Я забыл сказать, что она жила в деревне, в собственном небольшом имении, верстах в сорока от губернского города, в котором я находился в гимназическом пансионе. Мне некогда было быть ребенком, проказить, шутить; у меня было дело, серьезная обязанность – счастье матушки… Серьезнее меня не было во всем пансионе ни одного ребенка. Я не только серьезно был занят своею мыслью, но умел уже ненавидеть тех, кто мешал мне отдаваться моей цели, и имел врагов, как настоящий деятель, упорно идущий к своей цели… Я научился понимать людей, познакомился с их побуждениями, взглядами, научился презирать и жалеть, словом – узнавал жизнь; но руководитель мой в этих наблюдениях, побудительная причина к ним была "матушка", "много, много денег" и "утру нос предводительше".

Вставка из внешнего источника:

Lemma envelope_rotated_family (a b c u theta t : R) :
  a <> 0 -> b <> 0 -> c ^ 2 = a ^ 2 - b ^ 2 ->
  (forall k : Z, t <> u + 2 * IZR k * PI) ->
  let D := similar (Pe a b u) (cos theta) theta (Delta_u a b c u t) in
  is_envelope_point (rotated_normal_eq a b u theta) t D /\
  (forall X, is_envelope_point (rotated_normal_eq a b u theta) t X -> X = D).
Proof.
  intros Ha Hb Hc Ht D.
  set (P := Pe a b t); set (M := Pe a b u); set (T := tangent a b t).
  destruct (Delta_u_envelope a b c u t Ha Hb Hc) as [HN HT].
  destruct (rotated_envelope theta M P T (Delta_u a b c u t) HN HT) as [EN ET].
  change (similar M (cos theta) theta (Delta_u a b c u t)) with D in EN, ET.
  assert (Hder : forall X, is_derive (fun s => rotated_normal_eq a b u theta s X) t
            (pdot (psub X P) (rot_cw theta T) - pdot T (rot_cw theta (psub P M))))
    by (intro X; apply is_derive_rotated_normal).
  split.
  - split; [exact EN|].
    replace 0 with (pdot (psub D P) (rot_cw theta T) - pdot T (rot_cw theta (psub P M)))
      by (rewrite ET; ring).
    apply Hder.
  - intros X [HX HdX].
    assert (HXT : pdot (psub X P) (rot_cw theta T) - pdot T (rot_cw theta (psub P M)) = 0)
      by (rewrite <- (is_derive_unique _ _ _ (Hder X)); exact (is_derive_unique _ _ _ HdX)).
    apply psub_eq0, (zero_of_two_dots (rot_cw theta (psub P M)) (rot_cw theta T)).
    + rewrite cross_rot_cw; exact (chord_tangent_independent a b u t Ha Hb Ht).
    + rewrite (pdot_psub_shift X D P); unfold rotated_normal_eq in HX; fold P M in HX.
      rewrite HX, EN; ring.
    + rewrite (pdot_psub_shift X D P), ET; lra.
Qed.

Lemma is_derive_affine2 (F f g : R -> R) (e p q t df dg l : R) :
  is_derive f t df -> is_derive g t dg ->
  (forall s, F s = e + p * f s + q * g s) -> l = p * df + q * dg ->
  is_derive F t l.
Proof.
  intros Hf Hg HF ->.
  apply (is_derive_ext (fun s => plus (plus e (p * f s)) (q * g s))); [intro s; now rewrite HF|].
  replace (p * df + q * dg) with (plus (plus zero (p * df)) (q * dg))
    by (unfold plus, zero; simpl; ring).
  apply (is_derive_plus (fun s => plus e (p * f s)) (fun s => q * g s));
    [apply (is_derive_plus (fun _ => e) (fun s => p * f s));
     [apply (@is_derive_const R_AbsRing R_NormedModule)|] |];
    apply is_derive_scal; assumption.
Qed.

Lemma continuous_lin2 (F f g : R -> R) (p q t : R) :
  continuous f t -> continuous g t -> (forall s, F s = p * f s + q * g s) ->
  continuous F t.
Proof.
  intros Hf Hg HF.
  apply (continuous_ext (fun s => plus (scal p (f s)) (scal q (g s)))); [intro s; now rewrite HF|].
  apply (@continuous_plus R_UniformSpace R_AbsRing R_NormedModule);
    apply (@continuous_scal_r R_UniformSpace R_AbsRing R_NormedModule); assumption.
Qed.

Lemma signed_area_exact (g dg : R -> pt) (G : R -> R) (K T : R) :
  (forall t, is_derive (fun s => fst (g s)) t (fst (dg t))) ->
  (forall t, is_derive (fun s => snd (g s)) t (snd (dg t))) ->
  (forall t, continuous (fun s => fst (dg s)) t) ->
  (forall t, continuous (fun s => snd (dg s)) t) ->
  (forall t, is_derive G t (cross (g t) (dg t) - K)) ->
  G T = G 0 ->
  signed_area g 0 T = K * T / 2.
Proof.
  intros Hg1 Hg2 Hdg1 Hdg2 HG HGT.
  unfold signed_area.
  rewrite (RInt_ext _ (fun t => cross (g t) (dg t))).
  2: { intros t _; unfold cross.
       replace (Derive (fun s => fst (g s)) t) with (fst (dg t))
         by (symmetry; apply is_derive_unique, Hg1).
       replace (Derive (fun s => snd (g s)) t) with (snd (dg t))
         by (symmetry; apply is_derive_unique, Hg2).
       reflexivity. }
  assert (Hint : is_RInt (fun t => cross (g t) (dg t)) 0 T
                   (minus (K * T + G T) (K * 0 + G 0))).
  { apply (is_RInt_derive (fun t => K * t + G t)).
    - intros t _.
      apply (is_derive_affine2 _ (fun s => s) G 0 K 1 t 1 _ _ (is_derive_id t) (HG t));
        [intro s |]; ring.
    - intros t _.
      assert (Hc1 : continuous (fun s => fst (g s)) t)
        by (apply (@ex_derive_continuous R_AbsRing R_NormedModule); eexists; apply Hg1).
      assert (Hc2 : continuous (fun s => snd (g s)) t)
        by (apply (@ex_derive_continuous R_AbsRing R_NormedModule); eexists; apply Hg2).
      apply (continuous_minus (fun s => fst (g s) * snd (dg s)) (fun s => snd (g s) * fst (dg s)));
        apply (continuous_mult (K := R_AbsRing)); auto. }
  rewrite (is_RInt_unique _ _ _ _ Hint), HGT.
  unfold minus, plus, opp; simpl; field.
Qed.

(* Similarity changes the area integrand by the factor k^2 up to the derivative
   of cross(W, h) for a fixed vector W. *)
Lemma cross_similar (M : pt) (k theta : R) (X V : pt) :
  cross (similar M k theta X) (pscal k (rot_cw theta V))
  = k ^ 2 * cross X V + cross (psub (pscal k (rot_cw (- theta) M)) (pscal (k ^ 2) M)) V.
Proof.
  set (s := sin theta ^ 2 + cos theta ^ 2).
  transitivity (k ^ 2 * cross X V + cross (psub (pscal k (rot_cw (- theta) M)) (pscal (k ^ 2) M)) V
                + k ^ 2 * (s - 1) * (cross X V - cross M V)).
  - unfold s, similar, cross, padd, psub, pscal, rot_cw; simpl; rewrite cos_neg, sin_neg; ring.
  - unfold s; rewrite sin2_cos2_pow; ring.
Qed.

Section SmoothCurve.

Variables (h dh : R -> pt).
Hypothesis h_fst : forall t, is_derive (fun s => fst (h s)) t (fst (dh t)).
Hypothesis h_snd : forall t, is_derive (fun s => snd (h s)) t (snd (dh t)).

Lemma is_derive_cross_const (v : pt) (t : R) :
  is_derive (fun s => cross v (h s)) t (cross v (dh t)).
Proof.
  apply (is_derive_affine2 _ _ _ 0 (- snd v) (fst v) t _ _ _ (h_fst t) (h_snd t));
    [intro s |]; unfold cross; ring.
Qed.

Lemma is_derive_similar (M : pt) (k theta t : R) :
  is_derive (fun s => fst (similar M k theta (h s))) t
    (fst (pscal k (rot_cw theta (dh t)))) /\
  is_derive (fun s => snd (similar M k theta (h s))) t
    (snd (pscal k (rot_cw theta (dh t)))).
Proof.
  split.
  - apply (is_derive_affine2 _ _ _
      (fst M - k * (fst M * cos theta + snd M * sin theta))
      (k * cos theta) (k * sin theta) t _ _ _ (h_fst t) (h_snd t));
      [intro s |]; unfold similar, padd, pscal, rot_cw, psub; simpl; ring.
  - apply (is_derive_affine2 _ _ _
      (snd M - k * (- fst M * sin theta + snd M * cos theta))
      (- k * sin theta) (k * cos theta) t _ _ _ (h_fst t) (h_snd t));
      [intro s |]; unfold similar, padd, pscal, rot_cw, psub; simpl; ring.
Qed.

Hypothesis dh_fst : forall t, continuous (fun s => fst (dh s)) t.
Hypothesis dh_snd : forall t, continuous (fun s => snd (dh s)) t.

Lemma signed_area_similar (M : pt) (k theta : R) (G0 : R -> R) (K0 T : R) :
  (forall t, is_derive G0 t (cross (h t) (dh t) - K0)) ->
  G0 T = G0 0 -> h T = h 0 ->
  signed_area (fun t => similar M k theta (h t)) 0 T = k ^ 2 * K0 * T / 2.
Proof.
  intros HG0 HG0T HhT.
  set (W := psub (pscal k (rot_cw (- theta) M)) (pscal (k ^ 2) M)).
  apply (signed_area_exact _ (fun t => pscal k (rot_cw theta (dh t)))
                             (fun t => k ^ 2 * G0 t + cross W (h t))).
  - intro t; apply is_derive_similar.
  - intro t; apply is_derive_similar.
  - intro t; apply (continuous_lin2 _ _ _ (k * cos theta) (k * sin theta) t (dh_fst t) (dh_snd t)).
    intro s; unfold pscal, rot_cw; simpl; ring.
  - intro t; apply (continuous_lin2 _ _ _ (- k * sin theta) (k * cos theta) t (dh_fst t) (dh_snd t)).
    intro s; unfold pscal, rot_cw; simpl; ring.
  - intro t.
    apply (is_derive_affine2 _ _ _ 0 (k ^ 2) 1 t _ _ _ (HG0 t) (is_derive_cross_const W t));
      [intro s; ring |].
    rewrite cross_similar; fold W; ring.
  - rewrite HG0T, HhT; reflexivity.
Qed.

End SmoothCurve.

Definition pedal_center (a b c u : R) : pt :=
  ((c ^ 2 / 2 - a ^ 2) * cos u / a, (c ^ 2 / 2 - a ^ 2) * sin u / b).

Lemma Delta_u_fourier (a b c u t : R) : a <> 0 -> b <> 0 ->
  Delta_u a b c u t =
  (fst (pedal_center a b c u) + c ^ 2 / a * cos t + c ^ 2 / (2 * a) * cos (2 * t + u),
   snd (pedal_center a b c u) - c ^ 2 / b * sin t + c ^ 2 / (2 * b) * sin (2 * t + u)).
Proof.
  intros Ha Hb.
  assert (Hc : cos (2 * t + u) = 2 * cos t * cos (t + u) - cos u).
  { pose proof (cos_plus t (t + u)) as E1; pose proof (cos_minus (t + u) t) as E2.
    replace (t + (t + u)) with (2 * t + u) in E1 by ring.
    replace (t + u - t) with u in E2 by ring. lra. }
  assert (Hs : sin (2 * t + u) = 2 * cos t * sin (t + u) - sin u).
  { pose proof (sin_plus t (t + u)) as E1; pose proof (sin_minus (t + u) t) as E2.
    replace (t + (t + u)) with (2 * t + u) in E1 by ring.
    replace (t + u - t) with u in E2 by ring. lra. }
  unfold Delta_u, pedal_center; simpl; rewrite Hc, Hs; f_equal; field; auto.
Qed.

(* Velocity of the pedal curve, read off from the Fourier form. *)
Definition dDelta_u (a b c u t : R) : pt :=
  (- (c ^ 2 / a) * (sin t + sin (2 * t + u)), c ^ 2 / b * (cos (2 * t + u) - cos t)).

Lemma is_derive_Delta_u (a b c u t : R) : a <> 0 -> b <> 0 ->
  is_derive (fun s => fst (Delta_u a b c u s)) t (fst (dDelta_u a b c u t)) /\
  is_derive (fun s => snd (Delta_u a b c u s)) t (snd (dDelta_u a b c u t)).
Proof.
  intros Ha Hb; split;
    (eapply is_derive_ext; [intro s; rewrite (Delta_u_fourier a b c u s Ha Hb); reflexivity|]);
    unfold dDelta_u; simpl; auto_derive; try trivial; field; auto.
Qed.

Lemma continuous_dDelta_u (a b c u t : R) :
  continuous (fun s => fst (dDelta_u a b c u s)) t /\
  continuous (fun s => snd (dDelta_u a b c u s)) t.
Proof.
  split; apply (@ex_derive_continuous R_AbsRing R_NormedModule);
    unfold dDelta_u; simpl; auto_derive; trivial.
Qed.

(* Area integrand of Delta_u: the two harmonics contribute -c^4/ab and c^4/2ab,
   their interaction the derivative of c^4/(6ab) sin(3t+u), the centre an
   exact term. *)
Lemma cross_Delta_u (a b c u t : R) : a <> 0 -> b <> 0 ->
  cross (Delta_u a b c u t) (dDelta_u a b c u t)
  = - (c ^ 4 / (2 * a * b))
    + cross (pedal_center a b c u) (dDelta_u a b c u t)
    + c ^ 4 / (2 * a * b) * cos (3 * t + u).
Proof.
  intros Ha Hb.
  rewrite Delta_u_fourier by assumption.
  replace (3 * t + u) with (t + (2 * t + u)) by ring; rewrite (cos_plus t (2 * t + u)).
  set (E1 := sin t ^ 2 + cos t ^ 2 - 1).
  set (E2 := sin (2 * t + u) ^ 2 + cos (2 * t + u) ^ 2 - 1).
  transitivity (- (c ^ 4 / (2 * a * b))
                + cross (pedal_center a b c u) (dDelta_u a b c u t)
                + c ^ 4 / (2 * a * b) * (cos t * cos (2 * t + u) - sin t * sin (2 * t + u))
                - c ^ 4 / (a * b) * E1 + c ^ 4 / (2 * a * b) * E2).
  - unfold E1, E2, cross, dDelta_u, pedal_center; simpl; field; auto.
  - unfold E1, E2; rewrite !sin2_cos2_pow; ring.
Qed.

Lemma Delta_u_periodic (a b c u : R) : Delta_u a b c u (2 * PI) = Delta_u a b c u 0.
Proof.
  unfold Delta_u; rewrite cos_2PI, sin_2PI, cos_0, sin_0, Rplus_0_l.
  replace (2 * PI + u) with (u + 2 * INR 1 * PI) by (simpl; ring).
  rewrite cos_period, sin_period; reflexivity.
Qed.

Переносил я обид и неприятностей много, много передумал, перечувствовал и тринадцати лет мог уже иной раз дать матери моей хороший практический совет. Приезжая в деревню, я уж не мог не страдать страданиями хозяина, настоящего деревенского хозяина, уж меня тянуло входить во все.

…Вот в такую-то минуту моего развития, однажды, когда я приехал на праздник домой, – дело было за две недели до рождества, – случилось со мною такое происшествие.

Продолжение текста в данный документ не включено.